First find the largest character in string and all the indexes where it appears. If there's only one index at which the largest character appears then your answer is substring from index of largest character to end. Else just compare all the substrings starting with largest character.

How to split text string where number comes after text?

The easiest way to split text string where number comes after text is this: To extract numbers, you search the string for every possible number from 0 to 9, get the numbers total, and return that many characters from the end of the string.

Which characters in the string list are consecutive pairs?

Given a string list, extract list which has any succession of characters as they occur in alphabetical order. Explanation : i-j, f-g, s-t are consecutive pairs.


3 Answers

Here's one way by converting to ASCII and back:

input <- "hjubcdepyvb"
spl_asc <- as.integer(charToRaw(input))       # Convert to ASCII
d1 <- diff(spl_asc) == 1                      # Find sequences
filt <- spl_asc[c(FALSE, d1) | c(d1, FALSE)]  # Only keep sequences (incl start and end)
rawToChar(as.raw(filt))                       # Convert back to character

#[1] "bcde"

Note that this will concatenate any parts that are in alphabetical order.

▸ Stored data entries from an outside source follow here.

Lemma g_sub_span_others i j : j != i -> g j `<=` span_others i.
Proof. by move=> ji x gx r /(_ j ji); apply. Qed.

Lemma separating_scalar i : exists2 r, kill_others i r & ~ annR (g i) r.
Proof.
have /choice [a Ha] : forall j, exists a, j != i -> annR (g j) a /\ ~ annR (g i) a.
  move=> j; have [->|ji] := eqVneq j i; first by exists 0.
  have [gj_sub _ _] := g_min j.
  have gij : ~ g i `<=` g j by move=> /g_sub_inj ij; rewrite ij eqxx in ji.
  by have [b gjb gib] := annR_separates hcomul gj_sub gij; exists b.
exists (\prod_(j | j != i) a j).
  move=> j ji x gx; rewrite (bigD1 j) //= mulrC -scalerA.
  by have [aj _] := Ha j ji; rewrite aj // scaler0.
by apply: minimal_annR_prod (g_min i) _ => j /Ha [].
Qed.

Lemma g_not_sub_span_others i : ~ g i `<=` span_others i.
Proof.
have [r kr gir] := separating_scalar i.
by move=> gi; apply: gir => x /gi /(_ r kr).
Qed.

Hypothesis hnonnull : lsg_nonnull M.

Lemma exists_other_index (i : 'I_n) : exists j, j != i.
Proof.
have [V [_ [[Vsub Vnz Vnl] _ _ _]]] := hnonnull.
have [S Smin SV] := exists_minimal_sub hcomul Vsub Vnz.
have [t0 St0] := g_all Smin; have [t1 gt1] := not_large_misses_g Vnl.
have t01 : t0 != t1.
  by apply/eqP => t01; apply: gt1; rewrite -t01 => x /(St0 x).2 /SV.
have [->|it0] := eqVneq i t0; first by exists t1; rewrite eq_sym.
by exists t0; rewrite eq_sym.
Qed.

Lemma span_others_vertex i : lsg_vertex (span_others i).
Proof.
split; first exact: annM_submodule.
- have [j ji] := exists_other_index i; have [_ [x [gx x0]] _] := g_min j.
  by exists x; split=> //; apply: g_sub_span_others gx.
- move=> large_i; apply: (g_not_sub_span_others (i := i)).
  exact: minimal_sub_large (annM_submodule _ _) large_i (g_min i).
Qed.

Lemma span_others_independent : lsg_independent span_others.
Proof.
split; first exact: span_others_vertex.
  move=> i j ij eij; apply: (g_not_sub_span_others (i := j)) => x gx.
  by apply/(eij x).1; apply: g_sub_span_others gx; rewrite eq_sym.
move=> i j [_ _ neq nlarge]; apply: nlarge.
have ij : i != j by apply/eqP => eij; apply: neq => x; rewrite eij.
have [sub_i _ _] := span_others_vertex i; have [sub_j _ _] := span_others_vertex j.
apply: (large_of_minimal_sub hcomul) => S /g_all [k Sk] x /(Sk x).1 gx.
have [ki|ki] := eqVneq k i.
  by apply: (sub_sumr sub_i); apply: g_sub_span_others gx; rewrite ki.
by apply: (sub_suml sub_j); apply: g_sub_span_others gx.
Qed.

End EnumeratedMinimalSubmodules.

Theorem theorem3p4 (R : comNzRingType) (M : lmodType R) (n : nat)
  (hcomul : comultiplication M)
  (hnz : exists m : M, m <> 0%R)
  (hnonnull : lsg_nonnull M)
  (hmin : min_card_eq M n) :
  lsg_independence_number_eq M n.
Proof.
(* [hnz] is implied by [hnonnull]. *)
have [g [g_min g_all g_inj]] := hmin.
split.
  exists (span_others g).
  exact: span_others_independent hcomul g_min g_all g_inj hnonnull.
by move=> k f; apply: (lsg_independent_le hcomul g_min g_all).
Qed.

i.e. If input is "abcxasdicfgaqwe" then output would be abcfg.

If you wanted to get separate vectors for each sequential string, you could do the following

input <- "abcxasdicfgaqwe"
spl_asc <- as.integer(charToRaw(input))
d1 <- diff(spl_asc) == 1
r <- rle(c(FALSE, d1) | c(d1, FALSE))                   # Find boundaries
cm <- cumsum(c(1, r$lengths))                           # Map these to string positions
substring(input, cm[-length(cm)], cm[-1] - 1)[r$values] # Extract matching strings

Finally, I had to come up with a way to use regex:

input <- c("abcxasdicfgaqwe", "xufasiuxaboqdasdij", "abcikmcapnoploDEFgnm",
           "acfhgik")
(rg <- paste0("(", paste0(c(letters[-26], LETTERS[-26]),
                           "(?=", c(letters[-1], LETTERS[-1]), ")", collapse = "|"), ")+."))

#[1] "(a(?=b)|b(?=c)|c(?=d)|d(?=e)|e(?=f)|f(?=g)|g(?=h)|h(?=i)|i(?=j)|j(?=k)|
#k(?=l)|l(?=m)|m(?=n)|n(?=o)|o(?=p)|p(?=q)|q(?=r)|r(?=s)|s(?=t)|t(?=u)|u(?=v)|
#v(?=w)|w(?=x)|x(?=y)|y(?=z)|A(?=B)|B(?=C)|C(?=D)|D(?=E)|E(?=F)|F(?=G)|G(?=H)|
#H(?=I)|I(?=J)|J(?=K)|K(?=L)|L(?=M)|M(?=N)|N(?=O)|O(?=P)|P(?=Q)|Q(?=R)|R(?=S)|
#S(?=T)|T(?=U)|U(?=V)|V(?=W)|W(?=X)|X(?=Y)|Y(?=Z))+."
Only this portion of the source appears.